──────── STUDY MATERIAL ────────
Lemma cotensor_transpose_inj {W : Vob V} {Cc C : Bob B} (eps : Vhom W (H Cc C))
  (A : Bob B) (Hi : is_iso (cotensor_map B eps A)) (h1 h2 : Arr B A Cc) :
  prec B h1 C ∘ eps = prec B h2 C ∘ eps -> h1 = h2.
Proof.
  intro E. destruct Hi as [phi' [Hi1 _]].
  apply (split_mono_cancel _ _ _ _ Hi1).
  rewrite (curry_uniq _ _ (cotensor_map_ev eps A h1)),
    (curry_uniq _ _ (cotensor_map_ev eps A h2)), E.
  reflexivity.
Qed.

Lemma cotensor_transpose_surj {W : Vob V} {Cc C : Bob B} (eps : Vhom W (H Cc C))
  (A : Bob B) (Hi : is_iso (cotensor_map B eps A)) (u : Vhom W (H A C)) :
  exists h : Arr B A Cc, prec B h C ∘ eps = u.
Proof.
  destruct Hi as [phi' [_ Hi2]].
  exists (phi' ∘ Vcurry (u ∘ (Vr W ∘ Vs I W))).
  assert (Hr : (Vr W ∘ Vs I W) ∘ (Vs W I ∘ Vr_inv W) = Vid _).
  { rewrite !compA. rw (Vs_invol V _ _). rewrite id_r. apply Vr_iso2. }
  apply (split_epi_cancel _ _ _ _ Hr).
  rewrite <- cotensor_map_ev, compA, Hi2, id_l, curry_ev. reflexivity.
Qed.

(* [mW] is the arrow [W,C1] -> [W,C2] induced by [m]. *)
Lemma cotensor_vmono {W : Vob V} {K1 K2 C1 C2 : Bob B}
  (eps1 : Vhom W (H K1 C1)) (eps2 : Vhom W (H K2 C2))
  (Hi1 : forall A, is_iso (cotensor_map B eps1 A))
  (m : Arr B C1 C2) (mW : Arr B K1 K2)
  (HmW : prec B mW C2 ∘ eps2 = postc B K1 m ∘ eps1) :
  VMono B C1 C2 m -> VMono B K1 K2 mW.
Proof.
  intros Hm X Z z1 z2 E.
  assert (Transposed : forall z : Vhom Z (H X K1),
    postc B X m ∘ (Vev _ _ ∘ ((cotensor_map B eps1 X ∘ z) ⊗ Vid W)) =
    comp X K2 C2 ∘ (eps2 ⊗ Vid _) ∘ Vs _ _ ∘ ((postc B X mW ∘ z) ⊗ Vid W)).
  { intro z. rewrite ten_comp_id, !compA. unfold cotensor_map. rw (curry_ev _).
    rewrite <- Bcomp_postc. rwb (ten_comp_id _ _). rewrite <- HmW, ten_comp_id, !compA,
      <- Bcomp_dinat.
    rwb (ten_interchange _ _). rwb (sym_nat _ _). rwb (ten_comp_id _ _). reflexivity. }
  destruct (Hi1 X) as [phi' [Hi _]].
  apply (split_mono_cancel _ _ _ _ Hi).
  rewrite (curry_uniq _ _ (eq_refl (Vev _ _ ∘ ((cotensor_map B eps1 X ∘ z1) ⊗ Vid W)))),
    (curry_uniq _ _ (eq_refl (Vev _ _ ∘ ((cotensor_map B eps1 X ∘ z2) ⊗ Vid W)))).
  f_equal. apply (Hm X). rewrite !Transposed, E. reflexivity.
Qed.

Lemma vmono_comp {A1 A2 A3 : Bob B} (g : Arr B A2 A3) (f : Arr B A1 A2) :
  VMono B _ _ g -> VMono B _ _ f -> VMono B _ _ (acomp B g f).
Proof. intros Hg Hf X. rewrite postc_comp. apply mono_comp; auto. Qed.
Lemma vepi_comp {A1 A2 A3 : Bob B} (g : Arr B A2 A3) (f : Arr B A1 A2) :
  VEpi B _ _ g -> VEpi B _ _ f -> VEpi B _ _ (acomp B g f).
Proof. intros Hg Hf X. rewrite prec_comp. apply mono_comp; auto. Qed.
Lemma vmono_split {A1 A2 : Bob B} (r : Arr B A2 A1) (f : Arr B A1 A2) :
  acomp B r f = Bid B A1 -> VMono B _ _ f.
Proof.
  intros E X. apply (split_mono (postc B X r)). rewrite <- postc_comp, E, postc_id.
  reflexivity.
Qed.
Lemma vepi_split {A1 A2 : Bob B} (f : Arr B A1 A2) (r : Arr B A2 A1) :
  acomp B f r = Bid B A2 -> VEpi B _ _ f.
Proof.
  intros E X. apply (split_mono (prec B r X)). rewrite <- prec_comp, E, prec_id.
  reflexivity.
Qed.
Lemma vmono_cancel {A C D : Bob B} (m : Arr B C D) (x y : Arr B A C) :
  VMono B _ _ m -> acomp B m x = acomp B m y -> x = y.
Proof. intros Hm E. apply (Hm A VI). rewrite !postc_elem. exact E. Qed.

Lemma vorth_lift {A1 A2 C1 C2 : Bob B} (e : Arr B A1 A2) (m : Arr B C1 C2)
  (a : Arr B A1 C1) (b : Arr B A2 C2) :
  vorth B e m -> acomp B m a = acomp B b e ->
  exists w, acomp B w e = a /\ acomp B m w = b.
Proof.
  intros [_ Ho] E. destruct (Ho VI a b) as [w [[Hw1 Hw2] _]].
  - rewrite postc_elem, prec_elem. exact E.
  - exists w. rewrite <- (prec_elem e w), <- (postc_elem m w). auto.
Qed.

Lemma vintersection_vmono {Ix : Type} {Ci : Ix -> Bob B} {C P : Bob B}
  (m : forall i, Arr B (Ci i) C) (p : forall i, Arr B P (Ci i)) (d : Arr B P C) :
  is_vintersection B m p d -> (forall i, VMono B _ _ (m i)) -> VMono B _ _ d.
Proof.
  intros [_ Hd] Hm X W z1 z2 E. destruct (Hd X) as [Hc Hu].
  destruct (Hu W (fun i => postc B X (p i) ∘ z1) (postc B X d ∘ z1)) as [w [_ Huq]].
  { intro i. rewrite compA, Hc. reflexivity. }
  transitivity w; [symmetry|]; apply Huq; split; auto.
  intro i. apply (Hm i X). rewrite !compA, Hc, E. reflexivity.
Qed.

Lemma vpullback_vmono {P A D C : Bob B} (p1 : Arr B P A) (p2 : Arr B P D)
  (f : Arr B A C) (m : Arr B D C) :
  is_vpullback B p1 p2 f m -> VMono B _ _ m -> VMono B _ _ p1.
Proof.
  intros [_ Hp] Hm X W z1 z2 E. destruct (Hp X) as [Hc Hu].
  destruct (Hu W (postc B X p1 ∘ z1) (postc B X p2 ∘ z1)) as [w [_ Huq]].
  { rewrite !compA, Hc. reflexivity. }
  transitivity w; [symmetry|]; apply Huq; split; auto.
  apply (Hm X). rewrite !compA, <- Hc, <- !compA, E. reflexivity.
Qed.

Lemma vpullback_elem {P A D C X : Bob B} (p1 : Arr B P A) (p2 : Arr B P D)
  (f : Arr B A C) (m : Arr B D C) (a : Arr B X A) (b : Arr B X D) :
  is_vpullback B p1 p2 f m -> acomp B f a = acomp B m b ->
  exists k, acomp B p1 k = a /\ acomp B p2 k = b.
Proof.
  intros [_ Hp] E. destruct (proj2 (Hp X) VI a b) as [k [[Hk1 Hk2] _]].
  - rewrite !postc_elem. exact E.
  - exists k. rewrite <- !postc_elem. auto.
Qed.

Lemma vcokernel_pair_elem {A D Q X : Bob B} (e : Arr B A D) (q1 q2 : Arr B D Q)
  (a b : Arr B D X) :
  is_vcokernel_pair B e q1 q2 -> acomp B a e = acomp B b e ->
  exists c, acomp B c q1 = a /\ acomp B c q2 = b.
Proof.
  intros [_ Hq] E. destruct (proj2 (Hq X) VI a b) as [c [[Hc1 Hc2] _]].
  - rewrite !prec_elem. exact E.
  - exists c. rewrite <- !prec_elem. auto.
Qed.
────────
PROBLEM: Go through the entries and filter for lines holding the word "reflexivity"; copy each match.

RESPONSE:
  reflexivity.
  rewrite <- cotensor_map_ev, compA, Hi2, id_l, curry_ev. reflexivity.
    rwb (ten_interchange _ _). rwb (sym_nat _ _). rwb (ten_comp_id _ _). reflexivity. }
  f_equal. apply (Hm X). rewrite !Transposed, E. reflexivity.
  reflexivity.
  reflexivity.
  { intro i. rewrite compA, Hc. reflexivity. }
  intro i. apply (Hm i X). rewrite !compA, Hc, E. reflexivity.
  { rewrite !compA, Hc. reflexivity. }
  apply (Hm X). rewrite !compA, <- Hc, <- !compA, E. reflexivity.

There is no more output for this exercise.